■ WORK INSTRUCTIONS: Here you must reproduce each line of the data exactly.

Dataset entries
________________

(* For y outside the range of phi1, the two up-sets Ua y and Ub y agree on that
   range but not at y, so t evaluated at them tells the two ranges apart. *)
Lemma pred_eval_outside_range q (Uc : cs_car Y -> bool) :
  ~ range phi1 (phi2 q) -> upward (cs_le Y) Uc ->
  (forall p, pred_eval (env3 (Ua (phi2 q)) (Ub (phi2 q)) Uc) t (phi1 p) = Uc (phi1 p)) /\
  (forall q', pred_eval (env3 (Ua (phi2 q)) (Ub (phi2 q)) Uc) t (phi2 q') = Ua (phi2 q) (phi2 q')).
Proof.
move=> nq Uc_up; split.
  apply: (pred_eval_discriminator_agree dA m1 (@Ua_up (phi2 q)) (@Ub_up (phi2 q)) Uc_up) => p.
  by apply: up_through_in; [exact: cs_le_refl | exact: cs_le_trans | exists p].
apply: (pred_eval_discriminator_differ dA' m2 (@Ua_up (phi2 q)) (@Ub_up (phi2 q)) Uc_up (h0 := q)).
rewrite /Ua /Ub up_through_out ?up_from_refl //; [exact: cs_le_refl | exact: cs_le_anti].
Qed.

Lemma ranges_disjoint q : ~ range phi1 (phi2 q) -> forall p q', phi1 p <> phi2 q'.
Proof.
move=> nq p q' e.
have [Ht1 Ht2] := pred_eval_outside_range nq (@upward_cst _ _ (~~ Ua (phi2 q) (phi1 p))).
by move: (Ht1 p) (Ht2 q'); rewrite e => ->; case: (Ua _ _).
Qed.

Lemma not_le_outside_range q : ~ range phi1 (phi2 q) -> forall p, ~ cs_le Y (phi1 p) (phi2 q).
Proof.
move=> nq p pq.
have [Ht1 Ht2] := pred_eval_outside_range nq (@upward_cst _ _ true).
have U_up : forall v, upward (cs_le Y) (env3 (Ua (phi2 q)) (Ub (phi2 q)) (fun=> true) v).
  by case=> [[|[|[|]]] ?] //=; [exact: Ua_up | exact: Ub_up].
have := pred_eval_upward (t := t) U_up pq; rewrite Ht1 Ht2 => /(_ isT).
by rewrite /Ua up_through_out //; exact: cs_le_anti.
Qed.
End DisjointRanges.

Lemma split_of_discriminator (F : Type) (Fpos : F -> bool) (A A' : CornishAlg Fpos)
    (t : term F 'I_3) (Y : CornishSpace Fpos)
    (phi1 : Dcar A -> cs_car Y) (phi2 : Dcar A' -> cs_car Y) :
  is_discriminator_term A t -> is_discriminator_term A' t ->
  is_morphism phi1 -> is_morphism phi2 -> jointly_surjective phi1 phi2 ->
  ordered_disjoint_union (range phi1) (range phi2) \/
  (surjective_map phi1 /\ surjective_map phi2).
Proof.
move=> dA dA' m1 m2 js.
have [|not_onto] := pselect (surjective_map phi1 /\ surjective_map phi2); [by right | left].
have disj p q : phi1 p <> phi2 q.
  move=> e; apply: not_onto; split=> y; apply: contrapT => ny.
  - have [//|[q' q'y]] := js y; subst y.
    apply: (ranges_disjoint dA dA' m1 m2 (q := q') _ e) => -[p' _ p'q'].
    by apply: ny; exists p'.
  - have [[p' p'y]|//] := js y; subst y.
    apply: (ranges_disjoint dA' dA m2 m1 (q := p') _ (esym e)) => -[q' _ q'p'].
    by apply: ny; exists q'.
split.
- by apply/seteqP; split=> y // [[p _ <-] [q _ /esym/disj]].
- by apply/seteqP; split=> y // _; case: (js y) => -[x <-]; [left|right]; exists x.
- move=> _ _ [p _ <-] [q _ <-] [pq|qp].
  + by apply: (not_le_outside_range dA dA' m1 m2 _ pq) => -[p' _ /disj].
  + by apply: (not_le_outside_range dA' dA m2 m1 _ qp) => -[q' _ /esym/disj].
Qed.

Definition D_simple (F : Type) (Fpos : F -> bool) (A : CornishAlg Fpos) :=
  forall S : set (Dcar A), D_substructure S -> S <> set0 -> S = setT.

________________

■ ANSWER BOX:
(* For y outside the range of phi1, the two up-sets Ua y and Ub y agree on that
   range but not at y, so t evaluated at them tells the two ranges apart. *)
Lemma pred_eval_outside_range q (Uc : cs_car Y -> bool) :
  ~ range phi1 (phi2 q) -> upward (cs_le Y) Uc ->
  (forall p, pred_eval (env3 (Ua (phi2 q)) (Ub (phi2 q)) Uc) t (phi1 p) = Uc (phi1 p)) /\
  (forall q', pred_eval (env3 (Ua (phi2 q)) (Ub (phi2 q)) Uc) t (phi2 q') = Ua (phi2 q) (phi2 q')).
Proof.
move=> nq Uc_up; split.
  apply: (pred_eval_discriminator_agree dA m1 (@Ua_up (phi2 q)) (@Ub_up (phi2 q)) Uc_up) => p.
  by apply: up_through_in; [exact: cs_le_refl | exact: cs_le_trans | exists p].
apply: (pred_eval_discriminator_differ dA' m2 (@Ua_up (phi2 q)) (@Ub_up (phi2 q)) Uc_up (h0 := q)).
rewrite /Ua /Ub up_through_out ?up_from_refl //; [exact: cs_le_refl | exact: cs_le_anti].
Qed.

Lemma ranges_disjoint q : ~ range phi1 (phi2 q) -> forall p q', phi1 p <> phi2 q'.
Proof.
move=> nq p q' e.
have [Ht1 Ht2] := pred_eval_outside_range nq (@upward_cst _ _ (~~ Ua (phi2 q) (phi1 p))).
by move: (Ht1 p) (Ht2 q'); rewrite e => ->; case: (Ua _ _).
Qed.

Lemma not_le_outside_range q : ~ range phi1 (phi2 q) -> forall p, ~ cs_le Y (phi1 p) (phi2 q).
Proof.
move=> nq p pq.
have [Ht1 Ht2] := pred_eval_outside_range nq (@upward_cst _ _ true).
have U_up : forall v, upward (cs_le Y) (env3 (Ua (phi2 q)) (Ub (phi2 q)) (fun=> true) v).
  by case=> [[|[|[|]]] ?] //=; [exact: Ua_up | exact: Ub_up].
have := pred_eval_upward (t := t) U_up pq; rewrite Ht1 Ht2 => /(_ isT).
by rewrite /Ua up_through_out //; exact: cs_le_anti.
Qed.
End DisjointRanges.

Lemma split_of_discriminator (F : Type) (Fpos : F -> bool) (A A' : CornishAlg Fpos)
    (t : term F 'I_3) (Y : CornishSpace Fpos)
    (phi1 : Dcar A -> cs_car Y) (phi2 : Dcar A' -> cs_car Y) :
  is_discriminator_term A t -> is_discriminator_term A' t ->
  is_morphism phi1 -> is_morphism phi2 -> jointly_surjective phi1 phi2 ->
  ordered_disjoint_union (range phi1) (range phi2) \/
  (surjective_map phi1 /\ surjective_map phi2).
Proof.
move=> dA dA' m1 m2 js.
have [|not_onto] := pselect (surjective_map phi1 /\ surjective_map phi2); [by right | left].
have disj p q : phi1 p <> phi2 q.
  move=> e; apply: not_onto; split=> y; apply: contrapT => ny.
  - have [//|[q' q'y]] := js y; subst y.
    apply: (ranges_disjoint dA dA' m1 m2 (q := q') _ e) => -[p' _ p'q'].
    by apply: ny; exists p'.
  - have [[p' p'y]|//] := js y; subst y.
    apply: (ranges_disjoint dA' dA m2 m1 (q := p') _ (esym e)) => -[q' _ q'p'].
    by apply: ny; exists q'.
split.
- by apply/seteqP; split=> y // [[p _ <-] [q _ /esym/disj]].
- by apply/seteqP; split=> y // _; case: (js y) => -[x <-]; [left|right]; exists x.
- move=> _ _ [p _ <-] [q _ <-] [pq|qp].
  + by apply: (not_le_outside_range dA dA' m1 m2 _ pq) => -[p' _ /disj].
  + by apply: (not_le_outside_range dA' dA m2 m1 _ qp) => -[q' _ /esym/disj].
Qed.

Definition D_simple (F : Type) (Fpos : F -> bool) (A : CornishAlg Fpos) :=
  forall S : set (Dcar A), D_substructure S -> S <> set0 -> S = setT.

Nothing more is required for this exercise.